## Goal of the exercise:
Using the material below, print the line that contains "restriction theta|(z, x_i)", the line that contains "match t with", and every line in between, exactly and nothing else.

## Task material:
Definition stadd (x y : stelt) : stelt :=
  match x, y with
  | NegInf, _ => y
  | _, NegInf => x
  | (Tang a | Ghost a), (Tang b | Ghost b) =>
      if oag_lt a b then y else if oag_lt b a then x else Ghost a
  end.

Definition stmul (x y : stelt) : stelt :=
  match x, y with
  | NegInf, _ | _, NegInf => NegInf
  | Tang a, Tang b => Tang (a + b)
  | Tang a, Ghost b | Ghost a, Tang b | Ghost a, Ghost b => Ghost (a + b)
  end.

Definition st0 : stelt := NegInf.
Definition st1 : stelt := Tang 0.

Definition nu (x : stelt) : stelt :=
  match x with Tang a | Ghost a => Ghost a | NegInf => NegInf end.

Definition tangible (x : stelt) : bool :=
  if x is Tang _ then true else false.

(* inverse of a tangible element (junk elsewhere; only used on tangibles) *)
Definition stinv (x : stelt) : stelt :=
  match x with Tang a => Tang (- a) | Ghost a => Ghost (- a) | NegInf => NegInf end.

Definition stmx_mul {m n p : nat} (A : 'M[stelt]_(m, n)) (B : 'M[stelt]_(n, p))
  : 'M[stelt]_(m, p) :=
  \matrix_(i, j) \big[stadd/st0]_(k < n) stmul (A i k) (B k j).

Definition stmx_scale {m n : nat} (c : stelt) (A : 'M[stelt]_(m, n)) : 'M[stelt]_(m, n) :=
  \matrix_(i, j) stmul c (A i j).

Definition stmx1 (n : nat) : 'M[stelt]_n :=
  \matrix_(i, j) if i == j then st1 else st0.

Definition stdet {n : nat} (A : 'M[stelt]_n) : stelt :=
  \big[stadd/st0]_(s : 'S_n) \big[stmul/st1]_(i < n) A i (s i).

Definition nonsingular {n : nat} (A : 'M[stelt]_n) : bool := tangible (stdet A).

Definition skip_ord {n : nat} (j : 'I_n) (k : 'I_n.-1) : 'I_n := insubd j (bump j k).
Definition stminor {n : nat} (A : 'M[stelt]_n) (j i : 'I_n) : 'M[stelt]_n.-1 :=
  \matrix_(k, l) A (skip_ord j k) (skip_ord i l).
(* Countable atomic models are prime: if a countable atomic N and a model M realize
   the same complete formula by tuples c and d, an enumeration of N can be carried into
   M one element at a time, each new element keeping the type complete (this is where
   atomicity of N is used), which yields an elementary embedding N -> M sending c to d.
   Applied to a witness M1 <= N1 of extendibility this gives (1): the image of M1 in M
   contains b and omits a. (2) holds because realizations of theta project onto
   realizations of its restrictions.
   For (3), a formula rho(z, x) in one free variable x is extendible iff it is not
   pseudo-algebraic: a counterexample to pseudo-algebraicity in an atomic N >= M is cut
   down to a countable one by downward Lowenheim-Skolem. Conversely, if every
   restriction theta|(z, x_i) is extendible, start from a realization (b, a) of theta
   in a countable atomic model and shrink the small model containing b coordinate by
   coordinate: restrictions of complete formulas are complete, so (1) applied to
   theta|(z, x_i) yields an elementary submodel that still contains b but omits a_i. *)

From HB Require Import structures.
From mathcomp Require Import all_boot zify.
From Stdlib Require Import Classical ClassicalEpsilon FunctionalExtensionality ProofIrrelevance.

Set Implicit Arguments.
Unset Strict Implicit.
Unset Printing Implicit Defensive.

Arguments Var {F} _.
Arguments Eq {F R} _ _.
Arguments Rel {F R} _ _.
Arguments Neg {F R} _.
Arguments And {F R} _ _.
Arguments Ex {F R} _ _.

Section Countable.
Variables F R : countType.

Fixpoint tree_of_term (t : term F) : GenTree.tree (nat + F) :=
  match t with
  | Var i => GenTree.Leaf (inl i)
  | App f ts => GenTree.Node 0 (GenTree.Leaf (inr f) :: map tree_of_term ts)
  end.

Fixpoint term_of_tree (c : GenTree.tree (nat + F)) : term F :=
  match c with
  | GenTree.Leaf (inl i) => Var i
  | GenTree.Node _ (GenTree.Leaf (inr f) :: cs) => App f (map term_of_tree cs)
  | _ => Var 0
  end.

Lemma tree_of_termK : cancel tree_of_term term_of_tree.
Proof.
rewrite /cancel; fix IH 1 => -[i|f ts] //=; congr App; rewrite -map_comp.
by elim: ts => //= t ts IHts; rewrite IH IHts.
Qed.

HB.instance Definition _ := Countable.copy (term F) (can_type tree_of_termK).

Local Notation leaf t := (GenTree.Leaf (inl (inl t))).

Definition term_of_leaf (c : GenTree.tree (term F + R + nat)) : term F :=
  if c is leaf t then t else Var 0.

Fixpoint tree_of_formula (phi : formula F R) : GenTree.tree (term F + R + nat) :=
  match phi with
  | Eq t1 t2 => GenTree.Node 0 [:: leaf t1; leaf t2]
  | Rel r ts => GenTree.Node 1 (GenTree.Leaf (inl (inr r)) :: [seq leaf t | t <- ts])
  | Neg psi => GenTree.Node 2 [:: tree_of_formula psi]
  | And psi chi => GenTree.Node 3 [:: tree_of_formula psi; tree_of_formula chi]
  | Ex i psi => GenTree.Node 4 [:: GenTree.Leaf (inr i); tree_of_formula psi]
  end.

## Solved exercise:
   restriction theta|(z, x_i) is extendible, start from a realization (b, a) of theta
   in a countable atomic model and shrink the small model containing b coordinate by
   coordinate: restrictions of complete formulas are complete, so (1) applied to
   theta|(z, x_i) yields an elementary submodel that still contains b but omits a_i. *)

From HB Require Import structures.
From mathcomp Require Import all_boot zify.
From Stdlib Require Import Classical ClassicalEpsilon FunctionalExtensionality ProofIrrelevance.

Set Implicit Arguments.
Unset Strict Implicit.
Unset Printing Implicit Defensive.

Arguments Var {F} _.
Arguments Eq {F R} _ _.
Arguments Rel {F R} _ _.
Arguments Neg {F R} _.
Arguments And {F R} _ _.
Arguments Ex {F R} _ _.

Section Countable.
Variables F R : countType.

Fixpoint tree_of_term (t : term F) : GenTree.tree (nat + F) :=
  match t with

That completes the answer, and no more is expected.